What it's for, what it develops etc?
An Mpeg would be fantastic.
Thanks.


----------



## 7starmantis (Jan 21, 2005)

Welcome to the boards Tremble. There are alot of knowledgeable and experienced people here so ask any questions you have and feel free to post on any thread. If you have any questions feel free to ask.

 I dont personally practice Southern Mantis, but maybe if you explained a bit of what charp choi is, I might be able to help. 

 -MT Mod-
 7starmantis
 Adam


----------



## clfsean (Jan 21, 2005)

I've never seen SPM use that. I've always seen Phoenix Eye or Ginger Fist. Do they use it??

Charp Choi == Ping Ahn Choi == Leopard Paw Punch


----------



## j_m (Jan 21, 2005)

Doesn't charp choi = Phoenix Eye fist?  Which should be differnt form leapord paw?  Maybe?  just guessing from things I've heard 




jm


----------



## clfsean (Jan 21, 2005)

Hmmm... 

"Charp" is a variant of "Chaap"/"Chop"/"Tsop", etc...  depending on dialect for "Stabbing"... Chop Choi = Stabbing punch. For the branch of Hung Sing CLF I practice a Chop Choi is just a straight on punch with either hand, front or back. For me a "Ping Ahn Choi" or "Level Eye Punch" is a leopard paw punch.

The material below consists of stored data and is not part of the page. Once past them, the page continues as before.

Lemma identify_hypergraph : hypergraph (identify (induced G X2) v w).
Proof.
have hG2 := induced_hypergraph (X := X2) hG.
move=> o; rewrite identifyE => /imsetP [e eE ->]; have [eX2 _] := hG2 e eE.
split.
  apply/subsetP=> _ /merge_edgeP [x xe <-]; rewrite /merge; case: ifP => xvw.
    exact: setU11.
  by rewrite in_setU1 imset_f ?orbT // inE xvw (subsetP eX2).
have [y ye yvw] := side2_edge_leaves_pair eE.
have [z ze zy] : exists2 z, z \in e & z != y.
  have [_ /card_gt1P [a [b [ae be ab]]]] := hG2 e eE.
  by case: (eqVneq a y) => [ay|]; [exists b; rewrite // -ay eq_sym | exists a].
apply/card_gt1P; exists (merge z), (merge y); rewrite !mem_merge_edge //.
by rewrite /merge (negPf yvw); case: ifP => //= _; rewrite (inj_eq (@Some_inj _)).
Qed.

Lemma coloring_unmerge psi : coloring k (identify (induced G X2) v w) psi ->
  coloring k (induced G X2) (psi \o merge).
Proof.
move=> [rangepsi edgepsi]; split=> [x xX2|e eE].
  apply: rangepsi; rewrite /= /merge; case: ifP => xvw; first exact: setU11.
  by rewrite in_setU1 imset_f ?orbT // inE xvw.
have [o1 [o2 [o1e o2e psio]]] := edgepsi (merge_edge e) (imset_f _ eE).
have [x1 x1e eq1] := merge_edgeP o1e; have [x2 x2e eq2] := merge_edgeP o2e.
by exists x1, x2; rewrite /= eq1 eq2.
Qed.

Lemma coloring_merged (Hs : hg (option T)) (K : hg T) f :
  coloring k K f -> f v = f w -> v \in K.1 ->
  Hs.2 \subset (identify (induced G X2) v w).2 ->
  (forall x, Some x \in Hs.1 -> x \in K.1) ->
  (forall e, e \in (induced G X2).2 -> merge_edge e \in Hs.2 -> e \in K.2) ->
  coloring k Hs (fun o => f (odflt v o)).
Proof.
move=> [rangef edgef] fvw vK HsE HsV HsK; split=> [[x /HsV|_]|o oHs]; try exact: rangef.
have /imsetP [e eE oe] := subsetP HsE o oHs; subst o.
have [x [y [xe ye fxy]]] := edgef e (HsK e eE oHs).
have fmerge z : f (odflt v (merge z)) = f z.
  by rewrite /merge; case: ifP => //=; rewrite !inE => /orP [] /eqP ->.
by exists (merge x), (merge y); rewrite !mem_merge_edge // !fmerge.
Qed.

(* a subhypergraph of [G] whose k-colorings descend to [Hs]; it is proper when
   [Hs] is *)
Definition unmerge (Hs : hg (option T)) : hg T :=
  (X1 :|: [set x | Some x \in Hs.1],
   (induced G X1).2 :|: [set e in (induced G X2).2 | merge_edge e \in Hs.2]).

Lemma unmerge_subhg Hs : subhg Hs (identify (induced G X2) v w) -> subhg (unmerge Hs) G.
Proof.
move=> [hHs [/= HsV HsE]]; split; last split=> /=.
- move=> e; rewrite in_setU => /orP [].
    by rewrite inE => /andP [/hG [_ ?] eX1]; rewrite subsetU ?eX1.
  rewrite !inE => /andP [/andP [eE _] mergeHs]; have [_ ?] := hG eE; split=> //.
  apply/subsetP=> x xe; have /(subsetP (proj1 (hHs _ mergeHs))) := mem_merge_edge xe.
  rewrite /merge; case: ifP => xvw xHs; first by rewrite inE (subsetP vw_sub1).
  by rewrite !inE xHs orbT.
- rewrite subUset X1V; apply/subsetP=> x; rewrite inE => /(subsetP HsV).
  by rewrite in_setU1 /= => /imsetP [y]; rewrite inE => /andP [_ /(subsetP X2V) ?] [->].
- by rewrite subUset; apply/andP; split; apply/subsetP=> e; rewrite !inE => /andP [] // /andP [].
Qed.

Lemma unmerge_proper Hs : proper_subhg Hs (identify (induced G X2) v w) -> unmerge Hs <> G.
Proof.
move=> [[hHs [/= HsV HsE]] HsneG] KG.
have [allE|] := boolP ((identify (induced G X2) v w).2 \subset Hs.2); last first.
  case/subsetPn=> o /imsetP [e]; rewrite inE => /andP [eE eX2] -> eHs.
  have : e \in (unmerge Hs).2 by rewrite KG.
  by rewrite !inE eE (negPf eHs) eX2 andbF orbF => /(edge_not_both eE)/(_ eX2).
have [allV|] := boolP ((identify (induced G X2) v w).1 \subset Hs.1).
  by apply: HsneG; apply: subhg_eq.
case/subsetPn=> -[x|] xV xHs.
  move: xV xHs; rewrite in_setU1 /= => /imsetP [y]; rewrite inE => /andP [yvw yX2] [->] yHs.
  have : y \in (unmerge Hs).1 by rewrite KG (subsetP X2V).
  by rewrite !inE (negPf yHs) orbF => yX1; rewrite -IX inE yX1 yX2 in yvw.
have v_free e : e \in (induced G X2).2 -> v \notin e.
  move=> eE; apply: contra xHs => ve.
  have [eHs _] := hHs _ (subsetP allE _ (imset_f merge_edge eE)).
  by apply: (subsetP eHs); rewrite (_ : None = merge v) ?mem_merge_edge // /merge !inE eqxx.
have [f2 [range2 edge2]] := col2.
apply: (diff2 (f := fun x => if x == v then f2 w else f2 x)); last first.
  by rewrite eqxx eq_sym (negPf vw).
split=> [x xX2|e eE]; first by case: ifP => _; apply: range2.
have [x [y [xe ye fxy]]] := edge2 e eE.
have nv z : z \in e -> (z == v) = false by move=> ze; apply: contraNF (v_free e eE) => /eqP <-.
by exists x, y; rewrite !nv.
Qed.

In Buk Sing CLF, it's a specific punch they use with a leopard paw fist. 

I've just heard the "Charp Choi" spelling used specifically for Buk Sing CLF. That why I had to ask.. 
:idunno:


----------



## Tremble (Jan 21, 2005)

What I saw a picture of was a form using twin Phoenix eye fists.There seems to be noone in my area teaching SPM, but I'd really like to eyeball the form.


----------



## dmax999 (Feb 18, 2005)

I may be off my rocker on this, haven't been in Wing Chun for over 5 years, but...

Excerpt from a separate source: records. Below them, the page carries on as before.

Lemma norm1_expansion_bound (y : 'rV[int]_d) s :
  triangular A s y ->
  (forall j : 'I_d, (j <= s)%N -> `|(y *m G) 0 j| <= `|D|) ->
  norm1 (lvec y) <= \sum_(j < d | (j <= s)%N) norm1 (row j (imx A *m B)).
Proof.
move=> tri_y y_bounded.
rewrite lattice_vector_expansion (bigID (fun j : 'I_d => (j <= s)%N)) /=.
rewrite [X in _ + X]big1 ?addr0; last first.
  move=> j; rewrite -ltnNge => lt_sj.
  by rewrite tri_y // mulr0z mul0r scale0r.
apply: le_trans (norm1_sum _ _ _) _; apply: ler_sum => j le_js.
rewrite norm1Z ler_piMl ?norm1_ge0 // normrM normfV -!intr_norm.
by rewrite ler_pdivrMr ?ltr0z ?normr_gt0 // mul1r ler_int y_bounded.
Qed.

Hypothesis unitB : B \in unitmx.
Local Notation L := (lattice B).
Local Notation delta s := (succ_min L s).
Hypothesis short_w :
  forall j : 'I_d, norm1 (row j (imx A *m B)) <= (2 * d)%:R * delta j.+1.

Lemma delta_ge0 s : (s < d)%N -> 0 <= delta s.+1.
Proof. by move=> lt_sd; apply/ltW/(succ_min_gt0 unitB). Qed.

(* The reduced vectors y_s of the triangular basis satisfy
   |y_s B|_1 <= sum_(j <= s) |w_j|_1 <= 2 d^2 delta_(s+1). *)
Lemma reduced_norm s : (s < d)%N ->
  norm1 (lvec (reduced detA_neq0 s)) <= (2 * d * d)%:R * delta s.+1.
Proof.
move=> lt_sd; have [tri_y y_s y_low] := reducedP detA_neq0 lt_sd.
apply: le_trans (norm1_expansion_bound tri_y _) _.
  move=> j le_js; have [lt_js | eq_js] := ltnP j s.
    have /andP [c_ge0 c_lt] := y_low j lt_js; rewrite ger0_norm //.
    by apply: le_trans (ltW c_lt) _; rewrite -abszE lez_nat kmin_le_absdet.
  have -> : j = inord s.
    by apply: val_inj; rewrite /= inordK //; apply/eqP; rewrite eqn_leq le_js.
  by rewrite y_s -abszE lez_nat kmin_le_absdet.
rewrite big_mkcond /=.
apply: le_trans (_ : \sum_(j < d) (2 * d)%:R * delta s.+1 <= _).
  apply: ler_sum => j _; case: ifP => [le_js | _].
    by apply: le_trans (short_w j) _; rewrite ler_wpM2l // succ_min_le.
  by rewrite mulr_ge0 ?delta_ge0.
by rewrite sumr_const card_ord -[_ *+ d]mulr_natr mulrAC -natrM.
Qed.

(* z_0 = y_0 and z_(s+1) = y_(s+1) + k z_s, with k in [0, d] chosen so that
   no coordinate in the support of z_s B cancels. *)
Fixpoint nested (s : nat) : 'rV[int]_d :=
  if s is s'.+1 then
    reduced detA_neq0 s +
      (keep_coeff (lvec (reduced detA_neq0 s)) (lvec (nested s')))%:Z
        *: nested s'
  else reduced detA_neq0 0.

Lemma lvec_comb (y z : 'rV[int]_d) (k : nat) :
  lvec (y + k%:Z *: z) = lvec y + k%:R *: lvec z.
Proof. by rewrite map_mxD map_mxZ mulmxDl -scalemxAl. Qed.

(* Adding a multiple of the (s-1)-triangular z_(s-1) does not disturb the
   triangular shape of y_s. *)
Lemma nested_triangular s : (s < d)%N ->
  triangular A s (nested s) /\
  (nested s *m G) 0 (inord s) = (kmin detA_neq0 s)%:Z.
Proof.
elim: s => [|s IH] lt_sd /=; first by have [] := reducedP detA_neq0 lt_sd.
have [tri_y y_s _] := reducedP detA_neq0 lt_sd.
have [tri_z _] := IH (ltnW lt_sd); split.
  move=> j lt_sj.
  by rewrite mulmx_comb_coord tri_y // tri_z ?mulr0 ?addr0 // ltnW.
by rewrite mulmx_comb_coord y_s tri_z ?mulr0 ?addr0 // inordK.
Qed.

Lemma nested_supp s :
  supp (lvec (nested s)) \subset supp (lvec (nested s.+1)).
Proof.
rewrite /= lvec_comb; apply: keeps_support_supp; exact: (keep_coeffP _ _).2.
Qed.

(* Each step multiplies the bound by at most d + 1. *)
Lemma nested_norm s : (s < d)%N ->
  norm1 (lvec (nested s)) <= (2 * d * d)%:R * d.+1%:R ^+ s * delta s.+1.
Proof.
elim: s => [|s IH] lt_sd /=; first by rewrite expr0 mulr1; exact: reduced_norm.
have [k_le _] := keep_coeffP (lvec (reduced detA_neq0 s.+1)) (lvec (nested s)).
set k := keep_coeff _ _ in k_le *.
rewrite lvec_comb; apply: le_trans (norm1D _ _) _; rewrite norm1Z normr_nat.
have y_short := reduced_norm lt_sd; have z_short := IH (ltnW lt_sd).
have delta_mono : delta s.+1 <= delta s.+2 by apply: succ_min_le.
rewrite exprS; set P := _ ^+ s in z_short *.
set c := (2 * d * d)%:R in y_short z_short *.
have delta_s_ge0 := delta_ge0 (ltnW lt_sd).
have P_ge1 : 1 <= P by rewrite exprn_ege1 // ler1n.
have c_ge0 : 0 <= c by [].
have k_bound : k%:R * norm1 (lvec (nested s)) <= d%:R * (c * P * delta s.+2).
  apply: ler_pM; rewrite ?ler0n ?norm1_ge0 ?ler_nat //.
  by apply: le_trans z_short _; rewrite ler_wpM2l // mulr_ge0 //; lra.
have slack : 0 <= (P - 1) * (c * delta s.+2).
  by apply: mulr_ge0; [lra | apply: mulr_ge0 => //; lra].
rewrite -[d.+1%:R]natr1; nra.
Qed.

Local Notation Z := (\matrix_(i < d) nested i).

Lemma row_nested_basis (i : 'I_d) : row i (imx Z *m B) = lvec (nested i).
Proof. by rewrite row_mul -map_row rowK. Qed.

Lemma nested_basis : exists V : 'M[R]_d,
  [/\ is_lattice_basis L V,
      forall s : 'I_d, norm2 (row s V) <= basis_const n * delta s.+1 &
      forall s t : 'I_d, nat_of_ord t = s.+1 ->
        supp (row s V) \subset supp (row t V)].
Proof.
exists (imx Z *m B); split.
- apply: (int_basis_lattice_basis unitB).
  apply: (@triangular_rows_span _ _ detA_neq0) => s.
  by rewrite rowK; have := nested_triangular (ltn_ord s); rewrite inord_val.
- move=> s; rewrite row_nested_basis; apply: le_trans (norm2_le_norm1 _) _.
  apply: le_trans (nested_norm (ltn_ord s)) _.
  rewrite ler_wpM2r ?delta_ge0 // ler_wpM2l // ler_weXn2l ?ler1n //.
  by rewrite -ltnS.
- by move=> s t t_s; rewrite !row_nested_basis t_s; exact: nested_supp.
Qed.

End NestedBasis.

End RealLattices.

Unset Implicit Arguments.

(* Indices are 0-based: row s of V is v^(s+1); its bound is delta_(s+1). *)
Theorem mainTheorem7 (R : realType) (d : nat) (hd : (1 <= d)%N) :
  exists C : R, 0 < C /\
  forall B : 'M[R]_d, B \in unitmx ->
  exists V : 'M[R]_d,
    [/\ is_lattice_basis (lattice B) V,
        forall s : 'I_d, norm2 (row s V) <= C * succ_min (lattice B) s.+1 &
        forall s t : 'I_d, nat_of_ord t = s.+1 ->
          supp (row s V) \subset supp (row t V)].
Proof.
case: d hd => [//|n] _.
exists (basis_const R n); split; first by rewrite mulr_gt0 ?exprn_gt0 ?ltr0n.
move=> B unitB; have [A [detA_neq0 short_w]] := short_independent_vectors unitB.
exact: nested_basis detA_neq0 unitB short_w.
Qed.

I think I remember an attack called chop choi or such.  It was a punch with first row of knuckles even with back of hand and rest of fingers curled under.  Back of hand was even with fore arm.  Second set of knuckles are whats going to hit first with strike.  If this is similar to what you are thinking of, I was taught to use it as a windpipe strike, area around adam's apple.

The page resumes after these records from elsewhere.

Lemma cD_root (a b x : F) : x \notin exceptional g a -> D a x = b ->
  b * x ^+ 2 + (a * b + 1 + c) * x + c * a = 0.
Proof.
rewrite mem_exceptional negb_or => /andP[x3 xa3] Dx.
have x0 : x != 0 by apply: contraNneq x3 => ->; rewrite mem_head.
have xa0 : x + a != 0 by apply: contraNneq xa3 => ->; rewrite mem_head.
have -> : b * x ^+ 2 + (a * b + 1 + c) * x + c * a =
    x * (x + a) * (b + ((x + a)^-1 + c / x)) by field; rewrite x0 xa0.
by rewrite -(cD_inv erefl x3 xa3) Dx addrr_pchar2 // mulr0.
Qed.

Lemma card_generic_solutions (a b : F) : a != 0 ->
  (#|[set x | D a x == b] :\: [set x in exceptional g a]| <= 2)%N.
Proof.
move=> a0; apply: (@card_quadratic_roots _ b (a * b + 1 + c) (c * a)); first by nonzero.
by move=> x; rewrite in_setD !in_set => /andP[Ex /eqP Dx]; apply: cD_root.
Qed.

Lemma card_exceptional_solutions (a b : F) : a != 0 ->
  (#|[set x | D a x == b] :&: [set x in exceptional g a]| <= 3)%N.
Proof.
move=> a0; set S := [set x | _]; set E := [set x in _].
have sub : [set x + a | x in S :&: E] \subset E :\: S.
  apply/subsetP=> _ /imsetP[x /setIP[Sx Ex] ->]; move: Sx Ex; rewrite !in_set => /eqP <- Ex.
  rewrite exceptionalD // andbT; apply: cD_translate => //.
  by rewrite addrAC addrr_pchar2 // add0r.
have := subset_leq_card sub; rewrite card_imset; last exact: addIr.
have := cardsID S E; have : (#|E| <= 6)%N by rewrite cardsE card_size.
by rewrite setIC; set k := #|S :&: E|; set l := #|E :\: S|; set m := #|E|; lia.
Qed.

Lemma cD_generic_solutionN {a b z h : F} (B w : F) : tr n h = 1 ->
  a * b + 1 + c = B -> h = b * (c * a) / B ^+ 2 + (w ^+ 2 + w) ->
  z \notin exceptional g a -> D a z = b -> False.
Proof.
move=> trh <- Eh Ez /(cD_root _ _ _ Ez)/eqP; apply/negP.
exact: tr1_quadratic_rootN char2 card_F _ _ _ _ _ _ trh Eh.
Qed.

Lemma cD1_values :
  [/\ D 1 0 = g^-1 + c, D 1 1 = 1 + c / g, D 1 g = (g + 1)^-1 & D 1 (g + 1) = c / (g + 1)].
Proof.
have F2 := card_F_gt2; split.
- by rewrite add0r (Fswap1 F2) (Fswap0 F2) mulr1.
- by rewrite addrr_pchar2 // (Fswap0 F2) (Fswap1 F2).
- by rewrite Fswap_g1 (Fswapg F2 g0 g1) mulr0 addr0.
- by rewrite -addrA addrr_pchar2 // addr0 (Fswapg F2 g0 g1) add0r Fswap_g1.
Qed.

(* For a in {1, g, g + 1} two exceptional solutions that are not translates of
   each other determine c, and then a non-exceptional solution contradicts one
   of the trace hypotheses. *)
Lemma cD1_unique (b z : F) : z \notin exceptional g 1 -> D 1 z = b ->
  {in [:: 0; 1; g; g + 1] &, forall x y, D 1 x = b -> D 1 y = b -> x = y}.
Proof.
move=> Ez Dz; have [V0 V1 Vg Vg1] := cD1_values.
apply: in4_sym_rel => [// | x y Rxy Dy Dx | | | | | |]; first exact/esym/Rxy.
- move=> E1 E2; have := cD_translate 1 0 1 (oner_neq0 _) (add0r 1).
  by rewrite E1 E2 eqxx.
- rewrite V0 Vg => E1 E2; exfalso.
  have Ec : c = (g * (g + 1))^-1.
    by apply: (eq_of_mulr_addr char2 1 _ _ (etrans E1 (esym E2))); [field2 | nonzero].
  apply: (cD_generic_solutionN ((g + 1) / g) (g / (g + 1) ^+ 2) tr3 _ _ Ez Dz);
    by rewrite -E1 Ec; field2.
- rewrite V0 Vg1 => E1 E2; exfalso.
  have Ec : c = (g + 1) / g ^+ 2.
    by apply: (eq_of_mulr_addr char2 (g / (g + 1)) _ _ (etrans E1 (esym E2))); [field2 | nonzero].
  apply: (cD_generic_solutionN ((g + 1) / g) ((g * (g + 1))^-1) tr3 _ _ Ez Dz);
    by rewrite -E1 Ec; field2.
- rewrite V1 Vg => E1 E2; exfalso.
  have Ec : c = g ^+ 2 / (g + 1).
    by apply: (eq_of_mulr_addr char2 (g^-1) _ _ (etrans E1 (esym E2))); [field2 | nonzero].
  apply: (cD_generic_solutionN g 0 tr6 _ _ Ez Dz);
    by rewrite -E1 Ec; field2.
- rewrite V1 Vg1 => E1 E2; exfalso.
  have Ec : c = g * (g + 1).
    by apply: (eq_of_mulr_addr char2 ((g * (g + 1))^-1) _ _ (etrans E1 (esym E2)));
      [field2 | nonzero].
  apply: (cD_generic_solutionN ((g + 1) ^+ 2) 0 tr6 _ _ Ez Dz);
    by rewrite -E1 Ec; field2.
- move=> E1 E2; have := cD_translate 1 g (g + 1) (oner_neq0 _) (addKr_pchar2 char2 g 1).
  by rewrite E1 E2 eqxx.
Qed.

Lemma cDg_values :
  [/\ D g 0 = c, D g 1 = (g + 1)^-1 + c / g, D g g = 1 & D g (g + 1) = g^-1 + c / (g + 1)].
Proof.
have F2 := card_F_gt2; split.
- by rewrite add0r (Fswapg F2 g0 g1) (Fswap0 F2) mulr1 add0r.
- by rewrite (addrC 1) Fswap_g1 (Fswap1 F2).
- by rewrite addrr_pchar2 // (Fswap0 F2) (Fswapg F2 g0 g1) mulr0 addr0.
- by rewrite addrAC addrr_pchar2 // add0r (Fswap1 F2) Fswap_g1.
Qed.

Can't remeber the name of the move, didn't do that one too much compared to the rest of Wing Chun.


----------



## Infrazael (Mar 10, 2005)

clfsean said:
			
		

> Hmmm...
> 
> "Charp" is a variant of "Chaap"/"Chop"/"Tsop", etc... depending on dialect for "Stabbing"... Chop Choi = Stabbing punch. For the branch of Hung Sing CLF I practice a Chop Choi is just a straight on punch with either hand, front or back. For me a "Ping Ahn Choi" or "Level Eye Punch" is a leopard paw punch.
> 
> ...


You mention "In Buck Sing". . . . so does your branch have the Chop Choy??? I think all CLF schools have it.


----------



## PantherFist (May 12, 2005)

As well as studying Choy Lee Fut I have also studied a little Northern Mantis(7 Star) and a little Southern Mantis(Jook Lum/Ho Sing Pai), in this branch of Southern Mantis their version of Ginger Fist is exactly the same as the Charp Choi found in CLF.


----------



## Infrazael (May 16, 2005)

SPM now stabs *downwards* while sliding into a how horse/bow stance??? 

*slightly confused*

Hmmm. . . .mabye our various interpretations of the Choy Choy may be different.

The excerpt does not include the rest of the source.